Lemma hnormZ_ge0 k x : 0 <= k -> hnorm (k%:C *: x) = k * hnorm x.
Proof.
by move=> k0; apply: complexI; rewrite hnormZ rmorphM ger0_norm ?lecR.
Qed.

Lemma cauchy_schwarz u v : `|ip u v| <= (hnorm u)%:C * (hnorm v)%:C.
Proof.
have [v0|vNZ] := eqVneq (ip v v) 0.
  by rewrite (ipxx_eq0 v0) ip0r normr0 mulr_ge0 ?hnormC_ge0.
set a := ip u v; set r := ip v v.
have r_gt0 : 0 < r by rewrite lt_def vNZ ipxx_ge0.
have rJ : r^* = r by rewrite /r -ipC.
have := ipxx_ge0 (u - (a / r) *: v).
rewrite !(ipBl, ipBr, ipZl, ipZr) -/r [ip v u]ipC -/a rmorphM /= fmorphV /= rJ.
have -> : ip u u - a^* / r * a - (a / r * a^* - a / r * (a^* / r * r)) =
  ip u u - a * a^* / r by field.
rewrite subr_ge0 ler_pdivrMr // -normCK /r -!hnormCK -exprMn.
by rewrite ler_pXn2r // nnegrE ?normr_ge0 // mulr_ge0 ?hnormC_ge0.
Qed.

Lemma hnormD_le a b : hnorm (a + b) <= hnorm a + hnorm b.
Proof.
rewrite -lecR -(ler_pXn2r (n := 2)) ?nnegrE ?lecR ?addr_ge0 ?hnorm_ge0 //.
rewrite rmorphD /= sqrrD !hnormCK !(ipDl, ipDr) [ip b a]ipC.
rewrite addrA -(addrA (ip a a)) lerD2r lerD2l -mulr_natl.
have -> : ip a b + (ip a b)^* = 2%:R * 'Re (ip a b).
  by rewrite ReE mulrC divfK ?pnatr_eq0.
rewrite ler_pM2l ?ltr0n // (le_trans (leif_Re_Creal _).1) //.
exact: cauchy_schwarz.
Qed.

Lemma op_linear0 (T : H -> H) : op_linear T -> T 0 = 0.
Proof.
move=> linT; have := linT 1 0 0.
by rewrite !scale1r addr0 -{1}[T 0]addr0 => /addrI.
Qed.

Lemma op_linearD (T : H -> H) :
  op_linear T -> forall x y, T (x + y) = T x + T y.
Proof. by move=> linT x y; rewrite -[x]scale1r linT !scale1r. Qed.

Lemma op_linearZ (T : H -> H) :
  op_linear T -> forall a x, T (a *: x) = a *: T x.
Proof.
by move=> linT a x; rewrite -[a *: x]addr0 linT (op_linear0 linT) addr0.
Qed.

Lemma self_adjoint_eq0 (T : H -> H) : op_linear T -> is_adjoint ip T T ->
  (forall h, ip (T h) h = 0) -> forall h, T h = 0.
Proof.
move=> linT adjT quad0 h; apply: ipxx_eq0.
have := quad0 (h + T h).
rewrite op_linearD // !(ipDl, ipDr) !quad0 (adjT (T h) h).
by rewrite add0r addr0 -mulr2n => /eqP; rewrite mulrn_eq0 => /eqP.
Qed.

Local Notation opnorm := (opnorm ip).

Section BoundedOperator.
Variables (T : H -> H) (M : R).
Hypothesis boundT : forall x, hnorm x <= 1 -> hnorm (T x) <= M.

Lemma hnorm_le_opnorm x : hnorm x <= 1 -> hnorm (T x) <= opnorm T.
Proof.
by move=> x1; apply: ub_le_sup; [exists M => _ [u /boundT + <-] | exists x].
Qed.

Lemma opnorm_le : opnorm T <= M.
Proof.
apply: ge_sup; last by move=> _ [u /boundT + <-].
by exists (hnorm (T 0)), 0; rewrite //= hnorm0 ler01.
Qed.

Lemma opnorm_ge0 : 0 <= opnorm T.
Proof.
by rewrite (le_trans (hnorm_ge0 (T 0))) ?hnorm_le_opnorm ?hnorm0 ?ler01.
Qed.

End BoundedOperator.

Lemma compact_op_bounded T :
  compact_op ip T -> exists M, forall x, hnorm x <= 1 -> hnorm (T x) <= M.
Proof.
case=> _ /(_ 1 ltr01) [s net].
exists (1 + \big[Order.max/0]_(z <- s) hnorm z) => x /net [y ys Txy].
rewrite -[T x](subrK y); apply: (le_trans (hnormD_le _ _)).
by rewrite lerD ?(ltW Txy) //; apply: (le_bigmax_seq _ _ _ _ ys).
Qed.

Lemma compact_hnorm_le T x :
  compact_op ip T -> hnorm (T x) <= opnorm T * hnorm x.
Proof.
move=> cT; have [M boundT] := compact_op_bounded cT.
have [x0|xNZ] := eqVneq (hnorm x) 0.
  by rewrite (hnorm_eq0 x0) (op_linear0 cT.1) hnorm0 mulr0.
set k := hnorm x; have k_gt0 : 0 < k by rewrite lt_def xNZ hnorm_ge0.
have -> : x = k%:C *: (k^-1%:C *: x).
  by rewrite scalerA -rmorphM /= mulfV // scale1r.
rewrite (op_linearZ cT.1) hnormZ_ge0 ?(ltW k_gt0) // mulrC.
rewrite ler_wpM2r ?(ltW k_gt0) // (hnorm_le_opnorm boundT) //.
by rewrite hnormZ_ge0 ?invr_ge0 ?(ltW k_gt0) // mulVf ?gt_eqF.
Qed.

Lemma opnorm_tensor u : opnorm (tensor_op ip u u) = hnorm u ^+ 2.
Proof.
have boundT x : hnorm x <= 1 -> hnorm (tensor_op ip u u x) <= hnorm u ^+ 2.
  move=> x1; rewrite -lecR /tensor_op hnormZ rmorphXn /= expr2.
  rewrite ler_wpM2r ?hnormC_ge0 // (le_trans (cauchy_schwarz x u)) //.
  by rewrite -[X in _ <= X]mul1r ler_wpM2r ?hnormC_ge0 // -[1]/(1%:C) lecR.
apply/le_anti/andP; split; first exact: opnorm_le boundT.
have [u0|uNZ] := eqVneq (hnorm u) 0.
  by rewrite u0 expr0n (opnorm_ge0 boundT).
set k := hnorm u; have k_gt0 : 0 < k by rewrite lt_def uNZ hnorm_ge0.
have v1 : hnorm (k^-1%:C *: u) <= 1.
  by rewrite hnormZ_ge0 ?invr_ge0 ?(ltW k_gt0) // mulVf ?gt_eqF.
apply: le_trans (hnorm_le_opnorm boundT v1).
rewrite /tensor_op ipZl -hnormCK -/k -rmorphXn /= -rmorphM /=.
by rewrite expr2 mulKf ?gt_eqF // hnormZ_ge0 ?(ltW k_gt0) // -expr2.
Qed.

Lemma hnormD_eq_colinear a b :
  hnorm (a + b) = hnorm a + hnorm b <-> (hnorm b)%:C *: a = (hnorm a)%:C *: b.
Proof.
split=> [eqD | colin]; last first.
  have [b0|bNZ] := eqVneq (hnorm b) 0.
    by rewrite (hnorm_eq0 b0) addr0 hnorm0 addr0.
  apply: (mulfI bNZ); rewrite -hnormZ_ge0 ?hnorm_ge0 //.
  rewrite scalerDr colin -scalerDl.
  by rewrite -rmorphD hnormZ_ge0 ?addr_ge0 ?hnorm_ge0 // mulrC.
set na := (hnorm a)%:C; set nb := (hnorm b)%:C.
have naJ : na^* = na by rewrite conj_Creal // ger0_real ?hnormC_ge0.
have nbJ : nb^* = nb by rewrite conj_Creal // ger0_real ?hnormC_ge0.
(* (||a|| + ||b||)^2 = ||a + b||^2 determines <b,a>, and then the vector
   ||b|| a - ||a|| b has norm 0. *)
have ipba : ip b a = 2%:R * na * nb - ip a b.
  have := hnormCK (a + b).
  rewrite eqD rmorphD /= !(ipDl, ipDr) -!hnormCK -/na -/nb => expand.
  apply/eqP; rewrite -subr_eq0; apply/eqP.
  transitivity (na ^+ 2 + ip a b + (ip b a + nb ^+ 2) - (na + nb) ^+ 2).
    by ring.
  by rewrite expand subrr.
apply/eqP; rewrite -subr_eq0; apply/eqP/ipxx_eq0.
by rewrite !(ipBl, ipBr, ipZl, ipZr) naJ nbJ ipba -!hnormCK -/na -/nb; ring.
Qed.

—————

◆ **Assigned task**
Wherever a line of the listing above contains the string "rmorphM", copy that line.

◆ **Reply to the exercise**
by move=> k0; apply: complexI; rewrite hnormZ rmorphM ger0_norm ?lecR.
rewrite !(ipBl, ipBr, ipZl, ipZr) -/r [ip v u]ipC -/a rmorphM /= fmorphV /= rJ.
  by rewrite scalerA -rmorphM /= mulfV // scale1r.
rewrite /tensor_op ipZl -hnormCK -/k -rmorphXn /= -rmorphM /=.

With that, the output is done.